Instructions to follow:
When you find the line with "step_by GQ f" among the records below, reproduce it and each line after it exactly, ending with the line with "Definition weight C".

[Collected data]
Content starts

(* Let $\mathcal{X}=({\bm X},m^{\bm X}_\bullet,\nu^{\bm X})$, $\mathcal{Y}=({\bm Y},m^{\bm Y}_\bullet,\nu^{\bm Y})$ be Markov chains on finite state spaces, $C:{\bm X}\times{\bm Y}\to\mathbb{R}_+$ a cost matrix, $\delta\in(0,1]$ and $k\in\mathbb{N}\cup\{\infty\}$. Then $\lim_{\epsilon\to0}d^{\delta,(k)}_{\mathrm{WL},\epsilon}(\mathcal{X},\mathcal{Y};C)=d^{\delta,(k)}_{\mathrm{WL}}(\mathcal{X},\mathcal{Y};C)$.
   Context: For $\alpha\in\mathcal{P}({\bm X}),\beta\in\mathcal{P}({\bm Y})$, cost $D$ and $\epsilon\ge0$, the entropy-regularized OT cost is $d^{\epsilon}_{\mathrm W}(\alpha,\beta;D)=\min_{P\in\mathcal{C}(\alpha,\beta)}\sum_{i,j}P_{ij}D_{ij}+\epsilon\sum_{i,j}P_{ij}\log P_{ij}$, where $\mathcal{C}(\alpha,\beta)$ is the set of couplings (matrices with marginals $\alpha,\beta$); $d_{\mathrm W}=d^0_{\mathrm W}$ is the usual OT cost. Define $C^{\epsilon,\delta,(0)}=C$ and $C^{\epsilon,\delta,(l)}_{ij}=\delta C_{ij}+(1-\delta)d^\epsilon_{\mathrm W}(m^{\bm X}_i,m^{\bm Y}_j;C^{\epsilon,\delta,(l-1)})$; set $d^{\delta,(k)}_{\mathrm{WL},\epsilon}(\mathcal{X},\mathcal{Y};C)=d^\epsilon_{\mathrm W}(\nu^{\bm X},\nu^{\bm Y};C^{\epsilon,\delta,(k)})$ for $k\in\mathbb{N}$ and $d^{\delta,(\infty)}_{\mathrm{WL},\epsilon}=\lim_{k\to\infty}d^{\delta,(k)}_{\mathrm{WL},\epsilon}$ (this limit exists for $\delta>0$). A Markovian coupling between $\mathcal{X}$ and $\mathcal{Y}$ is a (possibly time-inhomogeneous) Markov chain $(X_t,Y_t)_{t\in\mathbb{N}}$ on ${\bm X}\times{\bm Y}$ with $\mathrm{law}(X_0,Y_0)\in\mathcal{C}(\nu^{\bm X},\nu^{\bm Y})$ and conditional law of $(X_{t+1},Y_{t+1})$ given $(X_t,Y_t)=(x,y)$ in $\mathcal{C}(m^{\bm X}_x,m^{\bm Y}_y)$ for all $t,x,y$; $\Pi$ is their set. $d^{\delta,(k)}_{\mathrm{WL}}=\inf_{\Pi}\mathbb{E}\big[\sum_{t=0}^{k-1}\delta(1-\delta)^tC(X_t,Y_t)+(1-\delta)^kC(X_k,Y_k)\big]$ for finite $k$ and $d^{\delta,(\infty)}_{\mathrm{WL}}=\inf_{\Pi}\mathbb{E}\big[\sum_{t\ge0}\delta(1-\delta)^tC(X_t,Y_t)\big]$. *)

From HB Require Import structures.
From mathcomp Require Import all_boot all_order all_algebra.
From mathcomp Require Import all_classical all_reals all_analysis.
Set Implicit Arguments. Unset Strict Implicit. Unset Printing Implicit Defensive.
Import Order.TTheory GRing.Theory Num.Theory.
Import numFieldNormedType.Exports.
Local Open Scope classical_set_scope.
Local Open Scope ring_scope.
Theorem lemma3p10 (K : TwoCatData) (HK : is_2cat K) (HFC : finitely_complete K)
  (Y : YonedaData K) (HY : is_good_yoneda Y)
  (A B C : ob K) (hA : adm Y (id1 A))
  (f : hom K A C) (hf : adm Y f) (g : hom K A B) (hg : adm Y g)
  (h : hom K B C) (phi : cell f (comp1 h g))
  (phi' : cell (Bf1 Y g hA hg) (comp1 (Bf1 Y f hA hf) h))
  (Hphi' : castc (@cell K A (Pre Y A)) erefl (comp1A (Bf1 Y f hA hf) h g)
             (vcomp (wl (Bf1 Y f hA hf) phi) (chi Y f hA hf))
           = vcomp (wr phi' g) (chi Y g hA hg)) :
  (is_left_ext f g h phi <-> is_left_lifting (Bf1 Y g hA hg) (Bf1 Y f hA hf) h phi') /\
  (is_pointwise_left_ext f g h phi <->
     is_abs_left_lifting (Bf1 Y g hA hg) (Bf1 Y f hA hf) h phi') /\
  (is_abs_left_lifting f h g phi <-> is_iso phi').
Proof.
case: HY => _ [_ [chi_abs yoneda_ext]].
have chif_abs := chi_abs _ _ f hA hf; have chig_abs := chi_abs _ _ g hA hg.
have chig_pw := yoneda_ext _ _ g hA hg _ _ chig_abs.
have chig_ext := pointwise_left_ext_left_ext HK HFC chig_pw.
split; [|split].
- exact: (left_ext_iff_left_lifting_mate HK Hphi'
    (abs_left_lifting_left_lifting HK chif_abs) chig_ext).
- exact: (pointwise_left_ext_iff_abs_left_lifting_mate HK Hphi' HFC chif_abs chig_pw).
- apply: (iff_trans (abs_left_lifting_pasting HK chif_abs)); rewrite Hphi'.
  split=> [Habs | iso].
  + apply: (left_ext_comparison_iso HK chig_ext).
    exact: (pointwise_left_ext_left_ext HK HFC (yoneda_ext _ _ g hA hg _ _ Habs)).
  + exact: (abs_left_lifting_vcomp_iso HK iso chig_abs).
Qed.
Lemma delta_restrict_set1 n a p : n \in nodes G -> a \in out G n ->
  p \in dom G n -> p \in Q -> exists2 x, delta GQ n a p = [set x] & edge G n x.
Proof.
move=> nG aout pn pQ; rewrite delta_restrict //.
have := subsetP Q_det p pQ; rewrite inE => /andP[_ /forall_inP/(_ n nG)].
move=> /implyP/(_ pn)/forall_inP/(_ a aout)/cards1P[x dx].
by exists x => //; apply: edge_delta nG aout pn _; rewrite dx set11.
Qed.

Lemma Q_procs : {subset Q <= procs G}.
Proof. by move=> p /(subsetP Q_det); rewrite inE => /andP[]. Qed.

Lemma enabled_fin n : enabled GQ (C_fin GQ) n -> n = nfin G.
Proof.
case/andP; rewrite in_nodes_restrict => /andP[_ /set0Pn[q qn]] /forall_inP/(_ q qn).
by case/setIP: qn => _ qQ; rewrite ffunE /= qQ => /set1P.
Qed.

Definition project C : config P N := [ffun p => if p \in Q then C p else set0].

Lemma project_init : project (C_init G) = C_init GQ.
Proof. by apply/ffunP => p; rewrite !ffunE /=; case: ifP => // /Q_procs ->. Qed.

Lemma project_fin : project (C_fin G) = C_fin GQ.
Proof. by apply/ffunP => p; rewrite !ffunE /=; case: ifP => // /Q_procs ->. Qed.

Lemma project_fire f C m c : enabled G C m -> f m = Some c -> c \in out G m ->
  step_by GQ f (project C) (project (fire G C m c)).
Proof.
move=> /andP[mG /forall_inP mC] fm cout; exists m, c; split => //.
- rewrite /enabled in_nodes_restrict mG Q_meets_nodes //=.
  by apply/forall_inP => p /setIP[pm pQ]; rewrite ffunE pQ mC.
- apply/ffunP => p; rewrite !ffunE /= in_setI.
  case: (boolP (p \in Q)) => pQ; rewrite ?andbT ?andbF //; case: ifP => // pm.
  exact/esym/delta_restrict.
Qed.

Definition weight C := \sum_p \sum_(x in C p) height G x.

Lemma weight_step X Y : step GQ X Y -> weight Y < weight X.
Proof.
case=> n [a [/andP[nGQ /forall_inP nX] aout ->]].
move: (nGQ); rewrite in_nodes_restrict => /andP[nG /set0Pn[q0 q0n]].
have fire_lt p : p \in dom GQ n ->
    \sum_(x in delta GQ n a p) height G x < \sum_(x in X p) height G x.
  move=> pn; case/setIP: (pn) => pnG pQ.
  have [x -> nx] := delta_restrict_set1 nG aout pnG pQ.
  rewrite big_set1 (bigD1 n (nX p pn)) /=.
  exact: leq_trans (height_edge acyclicG nx) (leq_addr _ _).
rewrite /weight (bigD1 q0) //= [X in _ < X](bigD1 q0) //= ffunE q0n -addSn.
rewrite leq_add ?fire_lt //; apply: leq_sum => p _; rewrite ffunE.
by case: ifP => // /fire_lt/ltnW.
Qed.

Definition Q_singleton C := forall q, q \in Q -> exists x, C q = [set x].

Lemma Q_singleton_init : Q_singleton (C_init GQ).
Proof. by move=> q qQ; exists (ninit G); rewrite ffunE /= qQ. Qed.

Lemma Q_singleton_step X Y : step GQ X Y -> Q_singleton X -> Q_singleton Y.
Proof.
case=> n [a [/andP[nGQ _] aout ->]] Xsingle q qQ; rewrite ffunE.
case: ifP => [/setIP[qn _] | _]; last exact: Xsingle.
move: nGQ; rewrite in_nodes_restrict => /andP[nG _].
by have [x -> _] := delta_restrict_set1 nG aout qn qQ; exists x.
Qed.

Lemma enabled_disjoint X m n : Q_singleton X ->
  enabled GQ X m -> enabled GQ X n -> m != n -> [disjoint dom GQ m & dom GQ n].
Proof.
move=> Xsingle /andP[_ /forall_inP mX] /andP[_ /forall_inP nX] mn.
apply/pred0P => p /=; apply/negbTE/andP => -[pm pn].
have [x Xp] := Xsingle p (setIP pm).2.
by move: (mX p pm) (nX p pn) mn; rewrite Xp => /set1P-> /set1P->; rewrite eqxx.
Qed.
Lemma polymx_apply_jordan_block (p : {poly C}) (a : 'I_kj.+1) :
  (polymx_apply p J e) a 0 =
  (p^`N(kj - a)).[z] * \prod_(1 <= i < (kj - a).+1) al i.
Proof.
elim/poly_ind: p a => [|p c IHp] a.
  by rewrite polymx_apply0 mxE nderivn_poly0 ?size_poly0 // horner0 mul0r.
rewrite polymx_applyD {1}[p * 'X]mulrC polymx_applyXM polymx_applyC.
rewrite mxE [in X in _ + X]mxE jordan_block_mulE !IHp !mxE.
case: ifP => [lt_a_kj|le_kj_a].
  have -> : (kj - a = (kj - a.+1).+1)%N by rewrite subnS prednK // subn_gt0.
  rewrite inordK // nderivnMXaddC hornerD hornerMX big_nat_recr //=.
  rewrite (_ : (a == ord_max) = false) ?mulr0 ?addr0; first by ring.
  by apply/negbTE; rewrite -val_eqE /= ltn_eqF.
have a_kj : (a : nat) = kj by apply/eqP; rewrite eqn_leq -ltnS ltn_ord leqNgt le_kj_a.
have -> : a = ord_max by apply/val_inj.
by rewrite subnn !nderivn0 hornerMXaddC big_geq // !eqxx /= !mulr1 addr0; ring.
Qed.

End JordanBlock.

Lemma sobolev_ip_polymx_apply (C : numClosedFieldType) n (z : 'I_n -> C) kj beta
    alpha (p q : {poly C}) :
  sobolev_ip z kj beta alpha p q =
  (adj (polymx_apply q (Zmat z kj alpha) (wvec kj beta)) *m
   polymx_apply p (Zmat z kj alpha) (wvec kj beta)) 0 0.
Proof.
rewrite /Zmat /wvec !polymx_apply_mxdiag_mxcol adj_mxcol mul_mxrow_mxcol summxE.
apply: eq_bigr => j _.
rewrite !polymx_applyvZ adjZ -scalemxAl -scalemxAr !scalerA mxE normCKC.
congr (_ * _); rewrite adj_dotE (reindex_inj rev_ord_inj) /=.
apply: eq_bigr => r _; rewrite !polymx_apply_jordan_block /= subSS.
set s := (kj j - r)%N; set P := \prod_(1 <= i < s.+1) alpha j i.
have fact_neq0 : s`!%:R != 0 :> C by rewrite pnatr_eq0 -lt0n fact_gt0.
rewrite !nderivn_def !hornerMn rmorphMn normCKC !rmorphM fmorphV /= conjC_nat.
rewrite -(mulr_natr (q^`N(s).[z j]^*)) -(mulr_natr (p^`N(s).[z j])).
move: (q^`N(s).[z j]^*) (p^`N(s).[z j]) (P^*) => a b Pc.
move: fact_neq0; move: (s`!%:R : C) => f f_neq0.
by field.
Qed.

Section ArnoldiPolynomials.
Variables (C : numClosedFieldType) (m K : nat) (A : 'M[C]_m) (v : 'cV[C]_m).
Local Notation PA p := (polymx_apply p A v).
Implicit Types (Q : 'M[C]_(m, K)) (q : 'cV[C]_m) (p : nat -> {poly C}) (H : 'M[C]_K).

Lemma colq_ord Q q (i : 'I_K) : colq Q q i = col i Q.
Proof. by rewrite /colq valK. Qed.

Lemma colq_last Q q : colq Q q K = q.
Proof. by rewrite /colq insubF // ltnn. Qed.

Variant colq_spec Q q (l : nat) : 'cV[C]_m -> Prop :=
  | ColqCol (i : 'I_K) of l = i : colq_spec Q q l (col i Q)
  | ColqLast of l = K : colq_spec Q q l q.

Lemma colqP Q q l : (l <= K)%N -> colq_spec Q q l (colq Q q l).
Proof.
rewrite leq_eqVlt => /orP [/eqP ->|lt_l_K]; first by rewrite colq_last; constructor.
by rewrite -[l]/(val (Ordinal lt_l_K)) colq_ord; constructor.
Qed.

Lemma row_firstcols Q l (r : 'I_K) :
  row r (firstcols Q l) = if (r < l)%N then (col r Q)^T else 0.
Proof. by apply/matrixP => x c; rewrite !mxE; case: ifP; rewrite ?mxE. Qed.

Lemma colq_sub_krylov Q q l : nested_onb A v Q -> (l < K)%N ->
  ((colq Q q l)^T <= krylov_mx A v l.+1)%MS.
Proof.
move=> [_ nested] lt_l_K; have /andP [sub _] := nested l.+1 lt_l_K.
apply: submx_trans sub; rewrite -[l]/(val (Ordinal lt_l_K)) colq_ord.
by have := row_firstcols Q l.+1 (Ordinal lt_l_K); rewrite /= ltnSn => <-; exact: row_sub.
Qed.

Lemma krylov_sub_firstcols Q l : nested_onb A v Q -> (l <= K)%N ->
  (krylov_mx A v l <= firstcols Q l)%MS.
Proof.
case: l => [|l] [_ nested] le_l_K; first by rewrite flatmx0 sub0mx.
by have /andP [] := nested l.+1 le_l_K.
Qed.

Definition colq_orthonormal Q q :=
  forall a b, (a <= K)%N -> (b <= K)%N ->
  (adj (colq Q q a) *m colq Q q b) 0 0 = (a == b)%:R.

Lemma colq_orthonormalP Q q :
  adj Q *m Q = 1%:M -> adj q *m Q = 0 -> adj q *m q = 1%:M -> colq_orthonormal Q q.
Proof.
move=> QQ qQ qq a b /colqP[i ->|->] /colqP[j ->|->].
- by rewrite adj_col_dot QQ mxE.
- by rewrite adj_dotC mul_col_mxE qQ !mxE rmorph0 ltn_eqF.
- by rewrite mul_col_mxE qQ !mxE gtn_eqF.
- by rewrite qq mxE !eqxx.
Qed.
(* Let $\{\Lambda_{t,t'}\}_{t\ge t'\ge0}$ be completely positive trace-preserving linear maps on operators of $\mathcal H_E$ satisfying $\Lambda_{t,t'}\Lambda_{t',t''}=\Lambda_{t,t''}$ for $t\ge t'\ge t''$ and $\Lambda_{t,t}=\mathrm{id}$. Define the modified quasi-probabilities $\tilde q^{(k)}$ below. Then: (i) $\tilde q^{(k)}$ satisfy the Chapman–Kolmogorov consistency criterion: for $k\ge2$, $1\le l\le k$, $\sum_{\xi_l,\eta_l\in\Omega_{\hat V}}\tilde q^{(k)}(\boldsymbol\xi\boldsymbol\eta\mathbf t)=\tilde q^{(k-1)}$ with the $l$-th triple $(\xi_l,\eta_l,t_l)$ removed, and $\sum_{\xi_1,\eta_1}\tilde q^{(1)}=1$. (ii) If moreover, for all $t\ge t'$, $\Lambda_{t,t'}(|n\rangle\langle n|)\in\mathrm{span}\{|m\rangle\langle m|\}_m$ for every $n$ and $\Lambda_{t,t'}(|n\rangle\langle n'|)\in\mathrm{span}\{|m\rangle\langle m'|: m\ne m'\}$ for every $n\ne n'$, then $\tilde q^{(k)}(\boldsymbol\xi\boldsymbol\eta\mathbf t)=\delta_{\boldsymbol\xi,\boldsymbol\eta}\tilde p^{(k)}(\boldsymbol\xi\mathbf t)$ for all $k$, where $$\tilde p^{(k)}(\boldsymbol\xi\mathbf t)=\Big(\prod_{l=1}^k\sum_{n_l:v_{n_l}=\xi_l}\Big)\langle n_k|\Lambda_{t_k,0}\hat\rho_E|n_k\rangle\prod_{l=1}^{k-1}\langle n_l|\Lambda_{t_l,t_{l+1}}(|n_{l+1}\rangle\langle n_{l+1}|)|n_l\rangle\ \ge0,$$ and $\{\tilde p^{(k)}\}_{k\ge1}$ is a consistent family of joint probability distributions (defining a stochastic process with values in $\Omega_{\hat V}$).
   Context: $\mathcal H_E$ finite-dimensional, $\hat V_E=\sum_n v_n|n\rangle\langle n|$ with a fixed orthonormal eigenbasis $\{|n\rangle\}$, $\Omega_{\hat V}$ its set of distinct eigenvalues, $\hat\rho_E$ a density matrix. Modified propagators: $T_{t,t'}(nm|n'm')=\mathrm{tr}_E\big(|m\rangle\langle n|\,\Lambda_{t,t'}(|n'\rangle\langle m'|)\big)$. For $k\ge1$, $t_1>\dots>t_k\ge0$: $$\tilde q^{(k)}(\boldsymbol\xi\boldsymbol\eta\mathbf t)=\Big(\prod_{l=1}^k\sum_{n_l:\,v_{n_l}=\xi_l}\ \sum_{m_l:\,v_{m_l}=\eta_l}\Big)\delta_{n_1,m_1}\langle n_k|\Lambda_{t_k,0}\hat\rho_E|m_k\rangle\prod_{l=1}^{k-1}T_{t_l,t_{l+1}}(n_lm_l|n_{l+1}m_{l+1}).$$ $\delta_{\boldsymbol\xi,\boldsymbol\eta}=\prod_l\delta_{\xi_l,\eta_l}$. *)

From HB Require Import structures.
From mathcomp Require Import all_boot all_order all_algebra.
Set Implicit Arguments. Unset Strict Implicit. Unset Printing Implicit Defensive.
Import Order.TTheory GRing.Theory Num.Theory.
Local Open Scope ring_scope.

(* Scalars: C : numClosedFieldType (complex numbers, e.g. algC).
   Times: an arbitrary real field R (only the order on times matters).
   H_E = C^d, with the fixed orthonormal eigenbasis of V_E being the
   standard basis |n>, n : 'I_d.  |m><n| is delta_mx m n.              *)

Section Defs.
Variables (C : numClosedFieldType) (R : realFieldType) (d : nat).
Local Notation Mx := 'M[C]_d.

Definition psdf (I : finType) (X : I -> I -> C) : Prop :=
  forall x : I -> C, 0 <= \sum_(i : I) \sum_(j : I) (x i)^* * X i j * x j.

Definition density (rho : Mx) : Prop :=
  psdf (fun i j : 'I_d => rho i j) /\ \tr rho = 1.

(* (id_m (x) L) acting on operators on C^m (x) H_E *)
Definition ampl (m : nat) (L : Mx -> Mx) (X : 'I_m * 'I_d -> 'I_m * 'I_d -> C) :=
  fun p q : 'I_m * 'I_d => L (\matrix_(a, b) X (p.1, a) (q.1, b)) p.2 q.2.

Definition completely_positive (L : Mx -> Mx) : Prop :=
  forall (m : nat) (X : 'I_m * 'I_d -> 'I_m * 'I_d -> C),
    psdf X -> psdf (ampl L X).

Definition linear_map (L : Mx -> Mx) : Prop :=
  forall (a : C) (A B : Mx), L (a *: A + B) = a *: L A + L B.

Definition trace_preserving (L : Mx -> Mx) : Prop :=
  forall A : Mx, \tr (L A) = \tr A.

Definition dyn_family (Lam : R -> R -> Mx -> Mx) : Prop :=
  (forall t t' : R, 0 <= t' -> t' <= t ->
     [/\ linear_map (Lam t t'), completely_positive (Lam t t')
       & trace_preserving (Lam t t')]) /\
  (forall t t' t'' : R, 0 <= t'' -> t'' <= t' -> t' <= t ->
     forall A : Mx, Lam t t' (Lam t' t'' A) = Lam t t'' A) /\
  (forall t : R, 0 <= t -> forall A : Mx, Lam t t A = A).

Definition dephasing (Lam : R -> R -> Mx -> Mx) : Prop :=
  forall t t' : R, 0 <= t' -> t' <= t ->
    (forall n : 'I_d, is_diag_mx (Lam t t' (delta_mx n n))) /\
    (forall n n' : 'I_d, n != n' -> forall m : 'I_d, Lam t t' (delta_mx n n') m m = 0).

Content ends

Solution for this problem:
  step_by GQ f (project C) (project (fire G C m c)).
Proof.
move=> /andP[mG /forall_inP mC] fm cout; exists m, c; split => //.
- rewrite /enabled in_nodes_restrict mG Q_meets_nodes //=.
  by apply/forall_inP => p /setIP[pm pQ]; rewrite ffunE pQ mC.
- apply/ffunP => p; rewrite !ffunE /= in_setI.
  case: (boolP (p \in Q)) => pQ; rewrite ?andbT ?andbF //; case: ifP => // pm.
  exact/esym/delta_restrict.
Qed.

Definition weight C := \sum_p \sum_(x in C p) height G x.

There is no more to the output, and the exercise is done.